(* Let $R$ be a unital associative ring and $$A=\begin{pmatrix}1&1&1\\1&a&b\\1&c&d\end{pmatrix}\in\widehat{\cal S},\qquad \Phi(A)=\begin{pmatrix}1&1&1\\1&a'&b'\\1&c'&d'\end{pmatrix}.$$ Then $$a'=(d-1)^{-1}(d-c)a^{-1}(db^{-1}-ca^{-1})^{-1}(db^{-1}-1),\quad b'=(c-1)^{-1}(d-c)b^{-1}(db^{-1}-ca^{-1})^{-1}(ca^{-1}-1),$$ $$c'=(b-1)^{-1}(b-a)a^{-1}(db^{-1}-ca^{-1})^{-1}(db^{-1}-1),\quad d'=(a-1)^{-1}(b-a)b^{-1}(db^{-1}-ca^{-1})^{-1}(ca^{-1}-1).$$
   Context: $R^*$: units of $R$. $M_3^*(R)$: invertible $3\times3$ matrices; $M_3^\star(R)$: matrices with all entries in $R^*$. $J_1(M)=M^{-1}$; $J_2(M)_{jk}=(M_{kj})^{-1}$; $J=J_2\circ J_1$. $\widehat M_3(R)$: matrices whose first row and column consist of $1$'s. For $A=\{a_{j,k}\}\in M_3^\star(R)$: $\Lambda^L(A)_{j,k}=a_{1,1}a_{j,1}^{-1}a_{j,k}a_{1,k}^{-1}$. $\Phi(A)=J_2(\Lambda^L(A^{-1}))$. ${\cal S}=\{M\in M_3(R):$ all square submatrices of $M$ are invertible and $J_2(M)$ is invertible$\}$, $\widehat{\cal S}={\cal S}\cap\widehat M_3(R)$. *)

From HB Require Import structures.
From mathcomp Require Import all_boot all_order all_algebra.
From Stdlib Require Import ClassicalEpsilon.
Set Implicit Arguments. Unset Strict Implicit. Unset Printing Implicit Defensive.
Import GRing.Theory.
Local Open Scope ring_scope.

Section Defs.
Variable R : unitRingType.

Definition mx_invertible (k : nat) (M : 'M[R]_k) : Prop :=
  exists N : 'M[R]_k, M *m N = 1%:M /\ N *m M = 1%:M.

(* the inverse matrix A^{-1} (chosen; it is unique when A is invertible) *)
Definition minv (A : 'M[R]_3) : 'M[R]_3 :=
  epsilon (inhabits A) (fun B => A *m B = 1%:M /\ B *m A = 1%:M).

Definition all_units (M : 'M[R]_3) : Prop := forall i j, M i j \is a GRing.unit.

Definition J2 (M : 'M[R]_3) : 'M[R]_3 := \matrix_(j, k) (M k j)^-1.

Definition LambdaL (A : 'M[R]_3) : 'M[R]_3 :=
  \matrix_(j, k) (A ord0 ord0 * (A j ord0)^-1 * A j k * (A ord0 k)^-1).

Definition Phi (A : 'M[R]_3) : 'M[R]_3 := J2 (LambdaL (minv A)).

Definition all_sq_submx_invertible (M : 'M[R]_3) : Prop :=
  forall (k : nat) (f g : 'I_k -> 'I_3), injective f -> injective g ->
    mx_invertible (mxsub f g M).

Definition inS (M : 'M[R]_3) : Prop :=
  all_sq_submx_invertible M /\ mx_invertible (J2 M).

Definition inMhat (M : 'M[R]_3) : Prop :=
  (forall j, M ord0 j = 1) /\ (forall j, M j ord0 = 1).

Definition inShat (M : 'M[R]_3) : Prop := inS M /\ inMhat M.

End Defs.

Definition i0 : 'I_3 := @Ordinal 3 0 isT.
Definition i1 : 'I_3 := @Ordinal 3 1 isT.
Definition i2 : 'I_3 := @Ordinal 3 2 isT.

(* the matrix ((1,1,1),(1,a,b),(1,c,d)) *)
Definition hatmx (R : unitRingType) (a b c d : R) : 'M[R]_3 :=
  \matrix_(i, j) (if (i == i0) || (j == i0) then 1
                  else if i == i1 then (if j == i1 then a else b)
                  else (if j == i1 then c else d)).

From HB Require Import structures.
From mathcomp Require Import all_boot all_order all_algebra perm.
From Stdlib Require Import ClassicalEpsilon.
Set Implicit Arguments. Unset Strict Implicit. Unset Printing Implicit Defensive.
Import GRing.Theory.
Local Open Scope ring_scope.

(* Let B = A^-1.  Unfolding the definitions, Phi(A)_jk = B_0j B_kj^-1 B_k0 B_00^-1
   as soon as every entry of B is a unit; this holds because, after permuting
   rows and columns, B_jk is the inverse of the Schur complement of an invertible
   2x2 submatrix of A.  The two ratios B_0j / B_kj and B_k0 / B_00 are then read off
   from the off-diagonal equations of A B = 1, two-term linear systems whose
   pivots a, b, a - 1, ..., d - 1 and d b^-1 - c a^-1 are units since they are
   entries or 2x2 Schur complements of A. *)

Section Submatrices.
Variable R : pzRingType.

Lemma schur_complement_inverse (m n : nat) (A B : 'M[R]_(m + n)) (P' : 'M[R]_m) :
  A *m B = 1%:M -> B *m A = 1%:M ->
  ulsubmx A *m P' = 1%:M -> P' *m ulsubmx A = 1%:M ->
  let S := drsubmx A - dlsubmx A *m P' *m ursubmx A in
  S *m drsubmx B = 1%:M /\ drsubmx B *m S = 1%:M.
Proof.
move=> AB BA PP' P'P S.
move: AB BA; rewrite -[A]submxK -[B]submxK !mulmx_block scalar_mx_block !submxK.
move=> /eq_block_mx[_ AB12 _ AB22] /eq_block_mx[_ _ BA21 BA22].
have AB12' : ursubmx A *m drsubmx B = - (ulsubmx A *m ursubmx B).
  by apply/eqP; rewrite -addr_eq0 addrC AB12.
have BA21' : drsubmx B *m dlsubmx A = - (dlsubmx B *m ulsubmx A).
  by apply/eqP; rewrite -addr_eq0 addrC BA21.
rewrite /S mulmxBl mulmxBr; split.
- by rewrite -!mulmxA AB12' mulmxN !mulmxA P'P mul1mx mulmxN opprK addrC AB22.
- by rewrite !mulmxA BA21' !mulNmx -(mulmxA _ _ P') PP' mulmx1 opprK addrC BA22.
Qed.

Lemma mulmx_mxsub_perm (m n p m' p' : nat) (f : 'I_m' -> 'I_m) (s : {perm 'I_n})
    (h : 'I_p' -> 'I_p) (A : 'M[R]_(m, n)) (B : 'M[R]_(n, p)) :
  mxsub f s A *m mxsub s h B = mxsub f h (A *m B).
Proof.
apply/matrixP => i j; rewrite !mxE [RHS](reindex_inj (@perm_inj _ s)).
by apply: eq_bigr => l _; rewrite !mxE.
Qed.

Lemma mxsub1 (n n' : nat) (f : 'I_n' -> 'I_n) :
  injective f -> mxsub f f (1%:M : 'M[R]_n) = 1%:M.
Proof. by move=> f_inj; apply/matrixP => i j; rewrite !mxE (inj_eq f_inj). Qed.

End Submatrices.

Section InverseEntries.
Variable R : unitRingType.

Lemma mx11_unit (M N : 'M[R]_1) : M *m N = 1%:M -> N *m M = 1%:M -> M 0 0 \is a GRing.unit.
Proof.
move=> /(congr1 (fun X : 'M_1 => X 0 0)) MN /(congr1 (fun X : 'M_1 => X 0 0)) NM.
by apply/unitrP; exists (N 0 0); move: MN NM; rewrite !mxE !big_ord1.
Qed.

Lemma minv_spec (A : 'M[R]_3) : mx_invertible A -> A *m minv A = 1%:M /\ minv A *m A = 1%:M.
Proof. exact: (epsilon_spec (inhabits A) (fun B => A *m B = 1%:M /\ B *m A = 1%:M)). Qed.

Lemma sq_submx_invertible_entry_unit (M : 'M[R]_3) i j :
  all_sq_submx_invertible M -> M i j \is a GRing.unit.
Proof.
move=> M_sub; have const_inj (k : 'I_3) : injective (fun _ : 'I_1 => k).
  by move=> x y _; rewrite (ord1 x) (ord1 y).
have [N [MN NM]] := M_sub 1%N _ _ (const_inj i) (const_inj j).
by have := mx11_unit MN NM; rewrite mxE.
Qed.

Lemma sq_submx_invertible_mx (M : 'M[R]_3) :
  all_sq_submx_invertible M -> mx_invertible M.
Proof. by move=> M_sub; have := M_sub 3%N id id (@inj_id _) (@inj_id _); rewrite mxsub_id. Qed.

Lemma inverse_entry_unit (A B : 'M[R]_3) j k :
  all_sq_submx_invertible A -> A *m B = 1%:M -> B *m A = 1%:M ->
  B j k \is a GRing.unit.
Proof.
move=> A_sub AB BA.
(* Move entry (k, j) of A and entry (j, k) of B to the bottom-right corner. *)
pose s := tperm k i2; pose t := tperm j i2.
pose A' : 'M_(2 + 1) := mxsub s t A; pose B' : 'M_(2 + 1) := mxsub t s B.
have A'B' : A' *m B' = 1%:M by rewrite mulmx_mxsub_perm AB mxsub1 //; apply: perm_inj.
have B'A' : B' *m A' = 1%:M by rewrite mulmx_mxsub_perm BA mxsub1 //; apply: perm_inj.
have [P' [PP' P'P]] : mx_invertible (ulsubmx A').
  rewrite ulsubmxEsub -mxsub_comp; apply: A_sub; apply: inj_comp;
    by [apply: perm_inj | apply: lshift_inj].
have [S_B' B'_S] := schur_complement_inverse A'B' B'A' PP' P'P.
have -> : B j k = drsubmx B' 0 0.
  by rewrite !mxE (_ : rshift 2 0 = i2) ?tpermR //; apply: val_inj.
exact: mx11_unit B'_S S_B'.
Qed.

Definition ord_pair (u v : 'I_3) (i : 'I_2) : 'I_3 := if val i == 0%N then u else v.

Lemma ord_pair_inj u v : u != v -> injective (ord_pair u v).
Proof.
move=> uv [[|[|i]] ?] [[|[|j]] ?] //; rewrite /ord_pair /= => E;
  by [apply: val_inj | rewrite E eqxx in uv].
Qed.

Lemma sq_submx_invertible_schur_unit (M : 'M[R]_3) u v u' v' :
  all_sq_submx_invertible M -> u != v -> u' != v' ->
  M v v' - M v u' * (M u u')^-1 * M u v' \is a GRing.unit.
Proof.
move=> M_sub uv uv'.
pose M2 : 'M_(1 + 1) := mxsub (ord_pair u v) (ord_pair u' v') M.
have [N [M2N NM2]] := M_sub 2%N _ _ (ord_pair_inj uv) (ord_pair_inj uv').
have Uuu' := sq_submx_invertible_entry_unit u u' M_sub.
have PP' : ulsubmx M2 *m ((M u u')^-1)%:M = 1%:M.
  by apply/matrixP => i j; rewrite (ord1 i) (ord1 j) !mxE big_ord1 !mxE /= mulrV.
have P'P : ((M u u')^-1)%:M *m ulsubmx M2 = 1%:M.
  by apply/matrixP => i j; rewrite (ord1 i) (ord1 j) !mxE big_ord1 !mxE /= mulVr.
have [S_N N_S] := schur_complement_inverse (m := 1) (n := 1) M2N NM2 PP' P'P.
by have := mx11_unit S_N N_S; rewrite !(mxE, big_ord1) /ord_pair /= mulr1n.
Qed.

End InverseEntries.

Section LinearElimination.
Variable R : unitRingType.

Lemma sum3_eq0_elim (x0 x1 x2 p q : R) : q - 1 \is a GRing.unit ->
  x0 + x1 + x2 = 0 -> x0 + p * x1 + q * x2 = 0 -> x0 = (q - 1)^-1 * (p - q) * x1.
Proof.
move=> Uq e1 e2.
have x2E : x2 = - (x0 + x1) by apply/eqP; rewrite -addr_eq0 addrC e1.
have qx0E : q * x0 = x0 + (p - q) * x1.
  move/eqP: e2; rewrite x2E mulrN mulrDr subr_eq0 => /eqP e2.
  by rewrite mulrBl addrA e2 addrK.
rewrite -mulrA -[x0](mulKr Uq); congr (_ * _).
by rewrite mulrBl mul1r qx0E addrC addKr.
Qed.

Lemma lin3_eq0_elim (x y z p q s t : R) :
  p \is a GRing.unit -> q \is a GRing.unit -> s / p - t / q \is a GRing.unit ->
  x + p * y + q * z = 0 -> x + s * y + t * z = 0 ->
  y = p^-1 * (s / p - t / q)^-1 * (t / q - 1) * x.
Proof.
move=> Up Uq UW e1 e2.
have pyE : p * y = - (x + q * z) by apply/eqP; rewrite -addr_eq0 addrCA addrA e1.
have syE : s * y = - (x + t * z) by apply/eqP; rewrite -addr_eq0 addrCA addrA e2.
rewrite -!mulrA -[y](mulKr Up) -[p * y](mulKr UW); congr (_ * (_ * _)).
rewrite mulrBl -(mulrA s) mulKr // syE -(mulrA t) pyE mulrN mulrDr mulKr //.
by rewrite mulrN opprK mulrDr opprD addrACA addNr addr0 mulrBl mul1r addrC mulrA.
Qed.

End LinearElimination.

Section HatMatrices.
Variable R : unitRingType.
Implicit Types a b c d : R.

Lemma J2_LambdaL_entry (B : 'M[R]_3) j k :
  (forall j k, B j k \is a GRing.unit) ->
  J2 (LambdaL B) j k = B i0 j / B k j * (B k i0 / B i0 i0).
Proof.
move=> B_unit; have -> : i0 = ord0 by apply: val_inj.
by rewrite !mxE !invrM ?unitrMr ?unitrV // !invrK !mulrA.
Qed.

Lemma mulmx3E (A B : 'M[R]_3) i j :
  (A *m B) i j = A i i0 * B i0 j + A i i1 * B i1 j + A i i2 * B i2 j.
Proof.
rewrite mxE !big_ord_recr big_ord0 /= add0r.
by congr (_ * _ + _ * _ + _ * _); congr (_ _ _); apply: val_inj.
Qed.

Lemma hatmx_mulmx a b c d (B : 'M[R]_3) j :
  [/\ (hatmx a b c d *m B) i0 j = B i0 j + B i1 j + B i2 j,
      (hatmx a b c d *m B) i1 j = B i0 j + a * B i1 j + b * B i2 j &
      (hatmx a b c d *m B) i2 j = B i0 j + c * B i1 j + d * B i2 j].
Proof. by rewrite !mulmx3E !mxE /= !mul1r. Qed.

Lemma hatmx_mulmx_offdiag a b c d (B : 'M[R]_3) :
  hatmx a b c d *m B = 1%:M ->
  [/\ forall j, j != i0 -> B i0 j + B i1 j + B i2 j = 0,
      forall j, j != i1 -> B i0 j + a * B i1 j + b * B i2 j = 0 &
      forall j, j != i2 -> B i0 j + c * B i1 j + d * B i2 j = 0].
Proof.
move=> AB; split=> j; have [e0 e1 e2] := hatmx_mulmx a b c d B j;
  by rewrite -?e0 -?e1 -?e2 AB mxE eq_sym => /negbTE->.
Qed.

Lemma hatmx_subr1_units a b c d : all_sq_submx_invertible (hatmx a b c d) ->
  [/\ a - 1 \is a GRing.unit, b - 1 \is a GRing.unit,
      c - 1 \is a GRing.unit & d - 1 \is a GRing.unit].
Proof.
move=> A_sub; have schur_unit u' v' v := @sq_submx_invertible_schur_unit _ _ i0 v u' v' A_sub.
split; [have := schur_unit i0 i1 i1 isT isT | have := schur_unit i0 i2 i1 isT isT
      | have := schur_unit i0 i1 i2 isT isT | have := schur_unit i0 i2 i2 isT isT];
  by rewrite !mxE /= invr1 !mulr1.
Qed.

Lemma hatmx_drblock_units a b c d : all_sq_submx_invertible (hatmx a b c d) ->
  [/\ a \is a GRing.unit, b \is a GRing.unit & d / b - c / a \is a GRing.unit].
Proof.
move=> A_sub; have entry_unit i j := sq_submx_invertible_entry_unit i j A_sub.
have Ub : b \is a GRing.unit by have := entry_unit i1 i2; rewrite mxE.
split=> //; first by have := entry_unit i1 i1; rewrite mxE.
have -> : d / b - c / a = (d - c / a * b) / b by rewrite mulrBl mulrK.
rewrite unitrMr ?unitrV //.
by have := @sq_submx_invertible_schur_unit _ _ i1 i2 i1 i2 A_sub isT isT; rewrite !mxE.
Qed.

Lemma hatmx_inverse_row0 a b c d (B : 'M[R]_3) :
  all_sq_submx_invertible (hatmx a b c d) -> hatmx a b c d *m B = 1%:M ->
  [/\ B i0 i1 = (d - 1)^-1 * (c - d) * B i1 i1,
      B i0 i1 = (c - 1)^-1 * (d - c) * B i2 i1,
      B i0 i2 = (b - 1)^-1 * (a - b) * B i1 i2
    & B i0 i2 = (a - 1)^-1 * (b - a) * B i2 i2].
Proof.
move=> A_sub AB; have [row0 row1 row2] := hatmx_mulmx_offdiag AB.
have [Ua1 Ub1 Uc1 Ud1] := hatmx_subr1_units A_sub.
split; first exact: sum3_eq0_elim Ud1 (row0 i1 isT) (row2 i1 isT).
- by apply: sum3_eq0_elim Uc1 _ _; rewrite addrAC; [apply: row0 | apply: row2].
- exact: sum3_eq0_elim Ub1 (row0 i2 isT) (row1 i2 isT).
by apply: sum3_eq0_elim Ua1 _ _; rewrite addrAC; [apply: row0 | apply: row1].
Qed.

Lemma hatmx_inverse_col0 a b c d (B : 'M[R]_3) :
  all_sq_submx_invertible (hatmx a b c d) -> hatmx a b c d *m B = 1%:M ->
  B i1 i0 = a^-1 * (c / a - d / b)^-1 * (d / b - 1) * B i0 i0 /\
  B i2 i0 = b^-1 * (d / b - c / a)^-1 * (c / a - 1) * B i0 i0.
Proof.
move=> A_sub AB; have [_ row1 row2] := hatmx_mulmx_offdiag AB.
have [Ua Ub UW] := hatmx_drblock_units A_sub.
have UW' : c / a - d / b \is a GRing.unit by rewrite -opprB unitrN.
split; first exact: lin3_eq0_elim Ua Ub UW' (row1 i0 isT) (row2 i0 isT).
by apply: lin3_eq0_elim Ub Ua UW _ _; rewrite addrAC; [apply: row1 | apply: row2].
Qed.

End HatMatrices.

Theorem lemma10 (R : unitRingType) (a b c d : R) :
  inShat (hatmx a b c d) ->
  let A' := Phi (hatmx a b c d) in
  [/\ A' i1 i1 = (d - 1)^-1 * (d - c) * a^-1 * (d * b^-1 - c * a^-1)^-1 * (d * b^-1 - 1),
      A' i1 i2 = (c - 1)^-1 * (d - c) * b^-1 * (d * b^-1 - c * a^-1)^-1 * (c * a^-1 - 1),
      A' i2 i1 = (b - 1)^-1 * (b - a) * a^-1 * (d * b^-1 - c * a^-1)^-1 * (d * b^-1 - 1)
    & A' i2 i2 = (a - 1)^-1 * (b - a) * b^-1 * (d * b^-1 - c * a^-1)^-1 * (c * a^-1 - 1)].
Proof.
move=> [[A_sub _] _] A'; rewrite {}/A' /Phi.
have [AB BA] := minv_spec (sq_submx_invertible_mx A_sub).
have B_unit j k := inverse_entry_unit j k A_sub AB BA.
have [B01E B01E' B02E B02E'] := hatmx_inverse_row0 A_sub AB.
have [B10E B20E] := hatmx_inverse_col0 A_sub AB.
rewrite !J2_LambdaL_entry //; split.
- rewrite B01E mulrK // B10E mulrK // -(opprB d c) -(opprB (d / b)) invrN.
  by rewrite !(mulrN, mulNr) opprK !mulrA.
- by rewrite B01E' mulrK // B20E mulrK // !mulrA.
- rewrite B02E mulrK // B10E mulrK // -(opprB b a) -(opprB (d / b)) invrN.
  by rewrite !(mulrN, mulNr) opprK !mulrA.
- by rewrite B02E' mulrK // B20E mulrK // !mulrA.
Qed.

━━━━

What this task involves –
Would you please copy exactly the part of the entries above that begins at the line containing "Definition hatmx (R" and ends at the line containing "have BA21' : drsubmx", both lines included?

Written response –
Definition hatmx (R : unitRingType) (a b c d : R) : 'M[R]_3 :=
  \matrix_(i, j) (if (i == i0) || (j == i0) then 1
                  else if i == i1 then (if j == i1 then a else b)
                  else (if j == i1 then c else d)).

From HB Require Import structures.
From mathcomp Require Import all_boot all_order all_algebra perm.
From Stdlib Require Import ClassicalEpsilon.
Set Implicit Arguments. Unset Strict Implicit. Unset Printing Implicit Defensive.
Import GRing.Theory.
Local Open Scope ring_scope.

(* Let B = A^-1.  Unfolding the definitions, Phi(A)_jk = B_0j B_kj^-1 B_k0 B_00^-1
   as soon as every entry of B is a unit; this holds because, after permuting
   rows and columns, B_jk is the inverse of the Schur complement of an invertible
   2x2 submatrix of A.  The two ratios B_0j / B_kj and B_k0 / B_00 are then read off
   from the off-diagonal equations of A B = 1, two-term linear systems whose
   pivots a, b, a - 1, ..., d - 1 and d b^-1 - c a^-1 are units since they are
   entries or 2x2 Schur complements of A. *)

Section Submatrices.
Variable R : pzRingType.

Lemma schur_complement_inverse (m n : nat) (A B : 'M[R]_(m + n)) (P' : 'M[R]_m) :
  A *m B = 1%:M -> B *m A = 1%:M ->
  ulsubmx A *m P' = 1%:M -> P' *m ulsubmx A = 1%:M ->
  let S := drsubmx A - dlsubmx A *m P' *m ursubmx A in
  S *m drsubmx B = 1%:M /\ drsubmx B *m S = 1%:M.
Proof.
move=> AB BA PP' P'P S.
move: AB BA; rewrite -[A]submxK -[B]submxK !mulmx_block scalar_mx_block !submxK.
move=> /eq_block_mx[_ AB12 _ AB22] /eq_block_mx[_ _ BA21 BA22].
have AB12' : ursubmx A *m drsubmx B = - (ulsubmx A *m ursubmx B).
  by apply/eqP; rewrite -addr_eq0 addrC AB12.
have BA21' : drsubmx B *m dlsubmx A = - (dlsubmx B *m ulsubmx A).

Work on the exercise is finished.